Is there an operation on matrices such that the determinant yields a homomorphism with the additive group of the reals?

It well known that, under standard matrix multiplication $\det(AB) = \det(A)\det(B)$, or in other words, that $\det : \mathbb{R}^{n \times n} \rightarrow \langle\mathbb{R}, * \rangle$ is a monoid homomorphism.

In a similar vein, given any two matrices $A,B \in \mathbb{R}^{n \times n}$ , is there an operation $A\star B$ such that $\det(A \star B) = \det(A) + \det(B)$?


Solution 1:

Let $A\star B$ be the diagonal matrix whose diagonal entries are all equal to 1 except the topmost leftmost one, which is equal to $\det A+\det B$.

Solution 2:

If $A,B$ are invertible, decompose them as $\det(A)^{1/n} \bar A$ where $\bar A$ has determinant $1$ and define $A \star B = (\det A + \det B)^{1/n}\bar A \bar B$. For $A$ singular, $B$ invertible define $A \star B = B \star A = B.$ When both are singular define $A \star B = 0$.

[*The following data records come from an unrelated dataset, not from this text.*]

(* Let $\mathscr{C}$ be a $(t,1)_q$ generalized convertible code over $\mathbb{F}_q$ with initial codes $\mathcal{C}^{I_1},\dots,\mathcal{C}^{I_t}$ ($\mathcal{C}^{I_i}$ an $[n_{I_i},k_{I_i}]_q$ code) and final code $\mathcal{C}^F$ (an $[n_F,k_F]_q$ code). Assume $\mathcal{C}^F$ has $(r,\delta)$-locality and let $d_F$ be its minimum distance. For $i\in[t]$ let $\Delta_i=|\mathcal{U}_i\setminus\mathcal{R}_i|-d_F+1$. Then for each $i\in[t]$, $$|\mathcal{R}_i|\ge\begin{cases}k_{I_i}, & \text{if } \Delta_i\le 0,\\ k_{I_i}-\Delta_i+(\delta-1)\left\lfloor\frac{\Delta_i}{r+\delta-1}\right\rfloor, & \text{otherwise}.\end{cases}$$ Moreover, if $d_F>n_{I_i}-k_{I_i}+1$ for some $i\in[t]$, then $\Delta_i\le 0$ and hence $|\mathcal{R}_i|\ge k_{I_i}$.
   Context: All codes are linear over $\mathbb{F}_q$; $[n]=\{1,\dots,n\}$. A $(t,1)_q$ generalized convertible code consists of $t$ initial linear codes $\mathcal{C}^{I_1},\dots,\mathcal{C}^{I_t}$, $\mathcal{C}^{I_i}$ an $[n_{I_i},k_{I_i}]_q$ code, a final linear $[n_F,k_F]_q$ code $\mathcal{C}^F$ with $k_F=\sum_i k_{I_i}$, and a linear bijection $\phi:\mathcal{C}^{I_1}\times\cdots\times\mathcal{C}^{I_t}\to\mathcal{C}^F$, together with: for each $i$, a set $\mathcal{U}_i$ of coordinates of $\mathcal{C}^{I_i}$ (unchanged symbols) with an injective assignment of each $u\in\mathcal{U}_i$ to a coordinate of $\mathcal{C}^F$, images of different pairs $(i,u)$ distinct, such that for all $(c_1,\dots,c_t)$ the coordinate of $\phi(c_1,\dots,c_t)$ assigned to $u$ equals the $u$-th coordinate of $c_i$; the set $\mathcal{W}$ of coordinates of $\mathcal{C}^F$ not assigned to any unchanged symbol (written symbols); and for each $i$ a set $\mathcal{R}_i$ of coordinates of $\mathcal{C}^{I_i}$ (read symbols) such that $\phi(c_1,\dots,c_t)|_{\mathcal{W}}$ is a function of $(c_1|_{\mathcal{R}_1},\dots,c_t|_{\mathcal{R}_t})$. A code $\mathcal{C}\subseteq\mathbb{F}_q^n$ has $(r,\delta)$-locality ($r\ge1,\delta\ge2$) if every coordinate $i$ lies in a subset $J_i\subseteq[n]$ with $|J_i|\le r+\delta-1$ such that $\mathcal{C}|_{J_i}$ has minimum distance at least $\delta$. *)

From HB Require Import structures.
From mathcomp Require Import all_boot all_order all_algebra.
Set Implicit Arguments. Unset Strict Implicit. Unset Printing Implicit Defensive.
Import Order.TTheory GRing.Theory Num.Theory.
Local Open Scope ring_scope.

(* Linear codes of length n over F are subspaces of row vectors 'rV[F]_n;
   the j-th coordinate of a codeword c is c ord0 j. *)

Definition supp_in (F : fieldType) (n : nat) (J : {set 'I_n}) (c : 'rV[F]_n)
  : {set 'I_n} := [set j in J | c ord0 j != 0].

Definition wt (F : fieldType) (n : nat) (c : 'rV[F]_n) : nat :=
  #|supp_in [set: 'I_n] c|.

Definition is_min_dist (F : fieldType) (n : nat) (C : {vspace 'rV[F]_n})
  (d : nat) : Prop :=
  (exists2 c, c \in C & c != 0 /\ wt c = d) /\
  (forall c, c \in C -> c != 0 -> (d <= wt c)%N).

(* the restricted (punctured) code C|_J has minimum distance at least delta:
   every codeword whose restriction to J is nonzero has at least delta
   nonzero coordinates in J *)
Definition restr_dist_ge (F : fieldType) (n : nat) (C : {vspace 'rV[F]_n})
  (J : {set 'I_n}) (delta : nat) : Prop :=
  forall c, c \in C -> supp_in J c != set0 -> (delta <= #|supp_in J c|)%N.

Definition has_locality (F : fieldType) (n : nat) (C : {vspace 'rV[F]_n})
  (r delta : nat) : Prop :=
  (1 <= r)%N /\ (2 <= delta)%N /\
  forall i : 'I_n, exists J : {set 'I_n},
    [/\ i \in J, (#|J| <= r + delta - 1)%N & restr_dist_ge C J delta].

(* (t,1)_q generalized convertible code with initial codes C i of length n i,
   final code CF of length nF, conversion map phi, unchanged symbols U i
   assigned to final coordinates via f i, and read symbols R i. *)
Definition gen_convertible (F : fieldType) (t : nat) (n : 'I_t -> nat)
  (C : forall i : 'I_t, {vspace 'rV[F]_(n i)})
  (nF : nat) (CF : {vspace 'rV[F]_nF})
  (phi : (forall i : 'I_t, 'rV[F]_(n i)) -> 'rV[F]_nF)
  (U : forall i : 'I_t, {set 'I_(n i)})
  (f : forall i : 'I_t, 'I_(n i) -> 'I_nF)
  (R : forall i : 'I_t, {set 'I_(n i)}) : Prop :=
  let inC (x : forall i : 'I_t, 'rV[F]_(n i)) := forall i, x i \in C i in
  (* written symbols: final coordinates not assigned to unchanged symbols *)
  let W := [set w : 'I_nF | [forall i : 'I_t, [forall u in U i, f i u != w]]] in
  (
   \dim CF = (\sum_(i < t) \dim (C i))%N /\
   (forall a x y, inC x -> inC y ->
      phi (fun i => a *: x i + y i) = a *: phi x + phi y) /\
   (forall x, inC x -> phi x \in CF) /\
   (forall x y, inC x -> inC y -> phi x = phi y -> forall i, x i = y i) /\
   (forall z, z \in CF -> exists2 x, inC x & phi x = z) /\
   (forall i (u v : 'I_(n i)), u \in U i -> v \in U i -> f i u = f i v -> u = v)
   /\ (forall i j (u : 'I_(n i)) (v : 'I_(n j)), u \in U i -> v \in U j ->
         i != j -> f i u != f j v) /\
   (forall x, inC x -> forall i u, u \in U i -> phi x ord0 (f i u) = x i ord0 u) /\
   (forall x y, inC x -> inC y ->
      (forall i j, j \in R i -> x i ord0 j = y i ord0 j) ->
      forall w, w \in W -> phi x ord0 w = phi y ord0 w)).

Definition Delta (t : nat) (n : 'I_t -> nat)
  (U R : forall i : 'I_t, {set 'I_(n i)}) (dF : nat) (i : 'I_t) : int :=
  (#|U i :\: R i|%:Z - dF%:Z + 1)%R.

From HB Require Import structures.
From mathcomp Require Import all_boot all_order all_algebra.
From mathcomp Require Import zify.
From Stdlib Require Import FunctionalExtensionality.
Set Implicit Arguments. Unset Strict Implicit. Unset Printing Implicit Defensive.
Import Order.TTheory GRing.Theory Num.Theory.
Local Open Scope ring_scope.

(* Fix i and let A := U_i \ R_i.  Feeding phi a codeword c of C^{I_i} that
   vanishes on R_i, and zero in every other slot, produces a codeword of C^F
   that copies c on f_i(A) and is zero elsewhere: the written symbols only see
   the (zero) read symbols.  So the subcode K0 of C^{I_i} vanishing on R_i,
   of dimension k' >= k_{I_i} - |R_i|, embeds isometrically on A into C^F and
   inherits there the minimum distance d_F and the (r, delta)-locality.  The
   Singleton-like bound for locally recoverable codes,
   d_F + (k' - 1) + floor((k' - 1) / r) (delta - 1) <= |A|, then bounds k',
   and solving for k' gives the bound on |R_i|.  The Singleton-like bound is
   proved greedily on the set S of coordinates still in play: some local
   group L meets S in at least delta coordinates, imposing the vanishing of
   |L :&: S| - (delta - 1) <= r of them kills the codewords on all of L
   (fewer than delta coordinates of L remain free), and one recurses on
   S minus L. *)

Section Vanish.
Variables (F : fieldType) (n : nat).
Implicit Types (V : {vspace 'rV[F]_n}) (Y J : {set 'I_n}) (c : 'rV[F]_n).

It ain't pretty. It probably isn't even associative.

Actually, this is overcomplicated - just define $A \star B = {\rm diag}( x, 1, 1, \ldots, 1)$ where $x=\det A + \det B$. This is associative, but it's trivializing the question: you can write this operation as $+ \circ d$ where $d(A) = {\rm diag}(\det A, 1 \ldots).$ Thus what this is essentially doing is taking the determinant first and identifying this one-dimensional space of matrices with the reals, so that the homomorphism we desire is really just the identity map on $\mathbb R$.

Is there a meaningful operation with this property? I doubt it.

Solution 3:

This is actually impossible for $n=0$, since there the determinant is always equal to $1$, and $1+1\neq1$. (Recall that the determinant of an identity matrix is always $1$; this is true even for the $0\times0$ matrix.) You might call this an edge case, but failure in such a simple case might be a warning that you are on a wrong track.